→ **YOUR INSTRUCTIONS**
Could you write out the opening lines of the data, word for word, stopping after the line that contains "(* Induction on"?

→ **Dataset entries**
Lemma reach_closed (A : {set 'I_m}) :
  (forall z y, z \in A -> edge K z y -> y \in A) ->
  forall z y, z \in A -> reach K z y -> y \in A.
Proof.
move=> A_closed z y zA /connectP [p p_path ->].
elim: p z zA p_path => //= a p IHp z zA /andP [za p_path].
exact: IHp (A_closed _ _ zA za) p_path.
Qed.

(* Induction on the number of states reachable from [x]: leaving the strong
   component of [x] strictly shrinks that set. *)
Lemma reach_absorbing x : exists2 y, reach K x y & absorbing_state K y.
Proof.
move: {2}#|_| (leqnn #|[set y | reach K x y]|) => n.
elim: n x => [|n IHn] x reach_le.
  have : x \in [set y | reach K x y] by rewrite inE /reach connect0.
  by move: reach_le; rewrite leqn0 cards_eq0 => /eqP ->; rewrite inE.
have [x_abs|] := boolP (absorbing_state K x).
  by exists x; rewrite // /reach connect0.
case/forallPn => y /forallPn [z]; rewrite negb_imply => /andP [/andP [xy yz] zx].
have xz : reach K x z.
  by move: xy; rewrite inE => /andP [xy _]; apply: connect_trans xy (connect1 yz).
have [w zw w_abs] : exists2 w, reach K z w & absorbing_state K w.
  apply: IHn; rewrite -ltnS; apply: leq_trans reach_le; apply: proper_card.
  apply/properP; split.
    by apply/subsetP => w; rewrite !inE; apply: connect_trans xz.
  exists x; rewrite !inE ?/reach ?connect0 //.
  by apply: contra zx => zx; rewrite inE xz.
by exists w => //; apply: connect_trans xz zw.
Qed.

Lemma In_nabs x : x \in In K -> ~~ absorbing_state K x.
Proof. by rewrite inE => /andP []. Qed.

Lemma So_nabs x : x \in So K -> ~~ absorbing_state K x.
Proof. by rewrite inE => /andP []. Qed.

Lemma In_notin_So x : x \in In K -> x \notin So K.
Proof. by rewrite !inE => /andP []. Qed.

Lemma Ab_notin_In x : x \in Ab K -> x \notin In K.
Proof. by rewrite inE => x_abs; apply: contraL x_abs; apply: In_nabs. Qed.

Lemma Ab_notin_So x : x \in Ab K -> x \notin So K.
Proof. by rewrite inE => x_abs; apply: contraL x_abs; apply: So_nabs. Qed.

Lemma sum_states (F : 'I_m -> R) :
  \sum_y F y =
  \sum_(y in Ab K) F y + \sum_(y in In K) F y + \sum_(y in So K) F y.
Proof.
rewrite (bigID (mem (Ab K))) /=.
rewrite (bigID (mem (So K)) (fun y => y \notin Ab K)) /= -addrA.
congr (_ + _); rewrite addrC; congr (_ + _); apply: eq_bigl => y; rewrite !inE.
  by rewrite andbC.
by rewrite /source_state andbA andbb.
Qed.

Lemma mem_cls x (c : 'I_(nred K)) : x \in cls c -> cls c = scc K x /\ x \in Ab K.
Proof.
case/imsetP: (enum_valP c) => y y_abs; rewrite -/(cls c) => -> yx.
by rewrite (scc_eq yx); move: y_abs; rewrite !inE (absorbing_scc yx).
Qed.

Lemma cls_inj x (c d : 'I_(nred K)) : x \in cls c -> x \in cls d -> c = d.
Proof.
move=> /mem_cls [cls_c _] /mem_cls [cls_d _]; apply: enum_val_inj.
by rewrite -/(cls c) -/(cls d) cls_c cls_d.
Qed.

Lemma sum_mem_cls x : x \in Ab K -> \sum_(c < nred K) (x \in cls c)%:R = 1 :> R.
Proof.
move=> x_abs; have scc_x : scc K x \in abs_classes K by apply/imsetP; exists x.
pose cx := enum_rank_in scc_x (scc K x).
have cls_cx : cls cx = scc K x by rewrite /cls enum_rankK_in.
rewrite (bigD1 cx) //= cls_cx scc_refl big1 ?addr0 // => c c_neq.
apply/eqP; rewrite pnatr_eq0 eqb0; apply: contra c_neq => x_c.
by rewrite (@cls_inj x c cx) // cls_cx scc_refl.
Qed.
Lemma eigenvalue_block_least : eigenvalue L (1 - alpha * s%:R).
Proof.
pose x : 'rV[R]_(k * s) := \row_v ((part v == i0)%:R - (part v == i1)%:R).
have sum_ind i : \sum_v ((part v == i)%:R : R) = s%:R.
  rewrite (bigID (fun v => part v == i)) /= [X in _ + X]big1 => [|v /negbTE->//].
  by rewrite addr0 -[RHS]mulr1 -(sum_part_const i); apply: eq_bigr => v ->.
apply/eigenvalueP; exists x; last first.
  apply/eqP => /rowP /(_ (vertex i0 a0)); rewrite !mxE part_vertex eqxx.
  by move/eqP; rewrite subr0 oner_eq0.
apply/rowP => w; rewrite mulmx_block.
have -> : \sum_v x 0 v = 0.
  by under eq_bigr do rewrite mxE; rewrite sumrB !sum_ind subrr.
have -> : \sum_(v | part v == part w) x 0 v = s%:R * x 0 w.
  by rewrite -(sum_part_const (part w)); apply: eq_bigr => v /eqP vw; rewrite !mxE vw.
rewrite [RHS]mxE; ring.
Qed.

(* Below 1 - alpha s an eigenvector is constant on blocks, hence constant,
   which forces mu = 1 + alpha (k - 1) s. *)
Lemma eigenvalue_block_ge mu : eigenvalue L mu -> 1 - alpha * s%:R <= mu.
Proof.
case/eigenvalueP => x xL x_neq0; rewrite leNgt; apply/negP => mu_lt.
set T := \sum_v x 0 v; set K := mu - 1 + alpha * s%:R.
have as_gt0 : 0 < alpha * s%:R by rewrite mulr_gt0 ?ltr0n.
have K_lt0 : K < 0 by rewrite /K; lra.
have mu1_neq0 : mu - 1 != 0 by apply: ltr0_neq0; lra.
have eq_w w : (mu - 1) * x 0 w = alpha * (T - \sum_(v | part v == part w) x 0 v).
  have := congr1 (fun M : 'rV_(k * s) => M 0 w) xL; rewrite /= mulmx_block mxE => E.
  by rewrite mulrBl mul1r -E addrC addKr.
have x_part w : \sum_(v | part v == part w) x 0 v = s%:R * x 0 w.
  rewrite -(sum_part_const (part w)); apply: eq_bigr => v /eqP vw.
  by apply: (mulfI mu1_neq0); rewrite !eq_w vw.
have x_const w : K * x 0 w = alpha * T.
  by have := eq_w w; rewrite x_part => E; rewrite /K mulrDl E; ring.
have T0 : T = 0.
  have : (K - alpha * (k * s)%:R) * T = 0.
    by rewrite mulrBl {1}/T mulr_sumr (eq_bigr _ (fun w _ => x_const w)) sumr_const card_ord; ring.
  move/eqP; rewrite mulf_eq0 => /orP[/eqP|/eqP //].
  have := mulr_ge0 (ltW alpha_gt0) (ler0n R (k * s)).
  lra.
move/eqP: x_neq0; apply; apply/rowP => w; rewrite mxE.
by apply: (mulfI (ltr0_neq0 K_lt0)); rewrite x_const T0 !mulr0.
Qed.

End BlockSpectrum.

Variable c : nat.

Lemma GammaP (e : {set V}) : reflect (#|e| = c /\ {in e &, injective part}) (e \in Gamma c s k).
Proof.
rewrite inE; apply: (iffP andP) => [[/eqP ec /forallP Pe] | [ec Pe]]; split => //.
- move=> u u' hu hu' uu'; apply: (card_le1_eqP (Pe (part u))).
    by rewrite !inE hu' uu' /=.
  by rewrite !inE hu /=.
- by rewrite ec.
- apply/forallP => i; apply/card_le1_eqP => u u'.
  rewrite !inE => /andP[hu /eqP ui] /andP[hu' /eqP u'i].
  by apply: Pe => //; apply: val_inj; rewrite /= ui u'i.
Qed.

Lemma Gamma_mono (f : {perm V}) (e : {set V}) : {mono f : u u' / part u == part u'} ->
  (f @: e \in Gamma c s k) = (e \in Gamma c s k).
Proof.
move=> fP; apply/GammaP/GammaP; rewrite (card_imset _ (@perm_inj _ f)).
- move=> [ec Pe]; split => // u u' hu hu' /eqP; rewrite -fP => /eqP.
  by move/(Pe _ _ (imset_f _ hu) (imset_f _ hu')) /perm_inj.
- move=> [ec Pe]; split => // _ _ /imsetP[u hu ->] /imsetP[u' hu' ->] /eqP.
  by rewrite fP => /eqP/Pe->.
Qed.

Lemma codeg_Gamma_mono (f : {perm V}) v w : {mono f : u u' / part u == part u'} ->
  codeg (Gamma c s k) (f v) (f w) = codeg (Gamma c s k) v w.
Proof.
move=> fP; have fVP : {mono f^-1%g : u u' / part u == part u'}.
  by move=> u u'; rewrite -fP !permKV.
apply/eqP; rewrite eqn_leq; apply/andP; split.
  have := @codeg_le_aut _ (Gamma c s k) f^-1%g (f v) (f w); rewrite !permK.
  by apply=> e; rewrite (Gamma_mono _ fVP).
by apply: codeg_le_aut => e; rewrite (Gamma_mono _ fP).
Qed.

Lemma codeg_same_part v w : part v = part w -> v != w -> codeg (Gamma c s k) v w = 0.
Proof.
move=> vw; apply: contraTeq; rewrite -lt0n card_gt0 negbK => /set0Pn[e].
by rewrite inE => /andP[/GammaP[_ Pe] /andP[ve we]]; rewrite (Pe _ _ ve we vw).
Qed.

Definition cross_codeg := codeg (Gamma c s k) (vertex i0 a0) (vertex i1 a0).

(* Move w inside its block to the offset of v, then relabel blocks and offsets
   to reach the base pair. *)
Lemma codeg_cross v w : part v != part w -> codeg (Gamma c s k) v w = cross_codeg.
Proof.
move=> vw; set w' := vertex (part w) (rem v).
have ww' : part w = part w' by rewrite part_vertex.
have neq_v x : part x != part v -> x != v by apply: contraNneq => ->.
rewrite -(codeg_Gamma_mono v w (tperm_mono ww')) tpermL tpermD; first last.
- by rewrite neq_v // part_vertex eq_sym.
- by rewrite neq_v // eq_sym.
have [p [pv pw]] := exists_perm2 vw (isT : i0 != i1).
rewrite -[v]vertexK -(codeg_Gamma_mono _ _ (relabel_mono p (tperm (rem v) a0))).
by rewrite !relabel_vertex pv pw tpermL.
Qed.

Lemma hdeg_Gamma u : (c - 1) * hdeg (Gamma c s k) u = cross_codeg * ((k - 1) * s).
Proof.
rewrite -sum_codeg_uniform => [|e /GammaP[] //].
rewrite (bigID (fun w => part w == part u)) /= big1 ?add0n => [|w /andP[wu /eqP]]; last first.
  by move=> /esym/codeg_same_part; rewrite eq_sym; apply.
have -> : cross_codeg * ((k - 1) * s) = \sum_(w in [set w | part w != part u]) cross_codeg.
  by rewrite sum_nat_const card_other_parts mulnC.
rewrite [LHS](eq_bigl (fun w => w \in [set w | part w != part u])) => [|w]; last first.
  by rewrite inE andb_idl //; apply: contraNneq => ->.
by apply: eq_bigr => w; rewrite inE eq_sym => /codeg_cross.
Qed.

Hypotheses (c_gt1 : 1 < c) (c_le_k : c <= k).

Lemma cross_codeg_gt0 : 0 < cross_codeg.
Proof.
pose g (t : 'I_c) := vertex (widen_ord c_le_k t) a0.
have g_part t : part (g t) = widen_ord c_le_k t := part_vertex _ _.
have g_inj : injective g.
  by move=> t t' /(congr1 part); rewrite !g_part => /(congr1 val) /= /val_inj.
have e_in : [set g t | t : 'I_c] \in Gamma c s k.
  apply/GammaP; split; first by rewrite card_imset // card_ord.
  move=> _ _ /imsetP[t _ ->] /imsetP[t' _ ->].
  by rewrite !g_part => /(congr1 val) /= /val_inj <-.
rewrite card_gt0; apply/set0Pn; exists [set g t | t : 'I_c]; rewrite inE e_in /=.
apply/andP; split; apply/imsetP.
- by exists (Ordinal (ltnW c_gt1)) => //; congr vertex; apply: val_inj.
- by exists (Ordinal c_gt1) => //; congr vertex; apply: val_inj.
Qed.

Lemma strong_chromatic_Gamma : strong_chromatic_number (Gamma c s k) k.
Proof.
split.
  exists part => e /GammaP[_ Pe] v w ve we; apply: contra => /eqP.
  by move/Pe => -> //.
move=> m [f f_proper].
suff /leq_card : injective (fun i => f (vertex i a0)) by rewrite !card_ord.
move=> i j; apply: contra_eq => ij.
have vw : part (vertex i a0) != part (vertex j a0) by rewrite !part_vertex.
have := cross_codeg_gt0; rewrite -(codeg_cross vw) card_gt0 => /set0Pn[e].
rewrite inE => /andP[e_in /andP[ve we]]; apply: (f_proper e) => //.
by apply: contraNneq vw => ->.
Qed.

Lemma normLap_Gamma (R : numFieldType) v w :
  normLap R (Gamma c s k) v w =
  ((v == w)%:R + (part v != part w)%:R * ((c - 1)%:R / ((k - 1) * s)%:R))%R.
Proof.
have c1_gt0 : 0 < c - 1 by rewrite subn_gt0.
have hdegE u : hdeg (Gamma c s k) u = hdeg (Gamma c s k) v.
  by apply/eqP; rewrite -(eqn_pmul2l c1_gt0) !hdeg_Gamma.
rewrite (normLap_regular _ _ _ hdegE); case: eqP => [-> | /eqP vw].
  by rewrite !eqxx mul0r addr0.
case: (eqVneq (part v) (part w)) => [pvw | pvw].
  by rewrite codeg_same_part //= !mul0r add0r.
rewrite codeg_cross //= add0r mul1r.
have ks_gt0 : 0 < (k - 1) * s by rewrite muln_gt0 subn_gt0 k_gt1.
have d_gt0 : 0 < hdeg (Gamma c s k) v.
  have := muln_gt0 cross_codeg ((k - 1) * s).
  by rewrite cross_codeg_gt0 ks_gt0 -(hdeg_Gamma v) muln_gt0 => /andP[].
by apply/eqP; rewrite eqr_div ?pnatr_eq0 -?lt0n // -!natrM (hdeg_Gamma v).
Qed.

→ **REPLY**
Lemma reach_closed (A : {set 'I_m}) :
  (forall z y, z \in A -> edge K z y -> y \in A) ->
  forall z y, z \in A -> reach K z y -> y \in A.
Proof.
move=> A_closed z y zA /connectP [p p_path ->].
elim: p z zA p_path => //= a p IHp z zA /andP [za p_path].
exact: IHp (A_closed _ _ zA za) p_path.
Qed.

(* Induction on the number of states reachable from [x]: leaving the strong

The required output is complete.